Records from a dataset:
*** Block opens ***
Lemma csum_skip (f : nat -> Cplx) m i0 : (i0 <= m)%nat ->
  csum f (S m) = Cadd (csum (fun i => f (skip i0 i)) m) (f i0).
Proof.
  revert i0. induction m; intros i0 Hi.
  - assert (i0 = O) as -> by lia. reflexivity.
  - change (csum f (S (S m))) with (Cadd (csum f (S m)) (f (S m))).
    destruct (Nat.eq_dec i0 (S m)) as [->|Ne].
    + f_equal. apply csum_ext. intros i Hi'. unfold skip.
      destruct (Nat.ltb_spec i (S m)); [reflexivity|lia].
    + rewrite (IHm i0) by lia. simpl.
      replace (skip i0 m) with (S m)
        by (unfold skip; destruct (Nat.ltb_spec m i0); [lia|reflexivity]).
      cring.
Qed.

Definition Cinv (a : Cplx) := mkC (Re a / Cabs2 a) (- Im a / Cabs2 a).

Lemma Cmul_inv a : a <> C0 -> Cmul a (Cinv a) = C1.
Proof.
  intro N. pose proof (Cabs2_pos a N) as P. unfold Cinv, Cabs2 in *.
  apply Ceq; simpl; field; lra.
Qed.

(* Unknown [i] of a linear system is [a i], its equation [j] reads [sum_i a i * M i j = 0]. *)
Definition nontrivial_solution (M : nat -> nat -> Cplx) (m n : nat) (a : nat -> Cplx) :=
  (exists i, (i < m)%nat /\ a i <> C0) /\
  forall j, (j < n)%nat -> csum (fun i => Cmul (a i) (M i j)) m = C0.

(* Eliminating unknown [i0] with the pivot [M i0 n] of equation [n]. *)
Definition eliminate (M : nat -> nat -> Cplx) (i0 n : nat) i j :=
  Cadd (M (skip i0 i) j) (Cmul (Cmul (M (skip i0 i) n) (Cinv (M i0 n))) (Cmul Cm1 (M i0 j))).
*** Block closes ***
* _Work instruction_
Please print exactly the lines of the entries above, beginning with the line that contains "(* Unknown [i]" and ending with the last line.

* _Completed exercise_
(* Unknown [i] of a linear system is [a i], its equation [j] reads [sum_i a i * M i j = 0]. *)
Definition nontrivial_solution (M : nat -> nat -> Cplx) (m n : nat) (a : nat -> Cplx) :=
  (exists i, (i < m)%nat /\ a i <> C0) /\
  forall j, (j < n)%nat -> csum (fun i => Cmul (a i) (M i j)) m = C0.

(* Eliminating unknown [i0] with the pivot [M i0 n] of equation [n]. *)
Definition eliminate (M : nat -> nat -> Cplx) (i0 n : nat) i j :=
  Cadd (M (skip i0 i) j) (Cmul (Cmul (M (skip i0 i) n) (Cinv (M i0 n))) (Cmul Cm1 (M i0 j))).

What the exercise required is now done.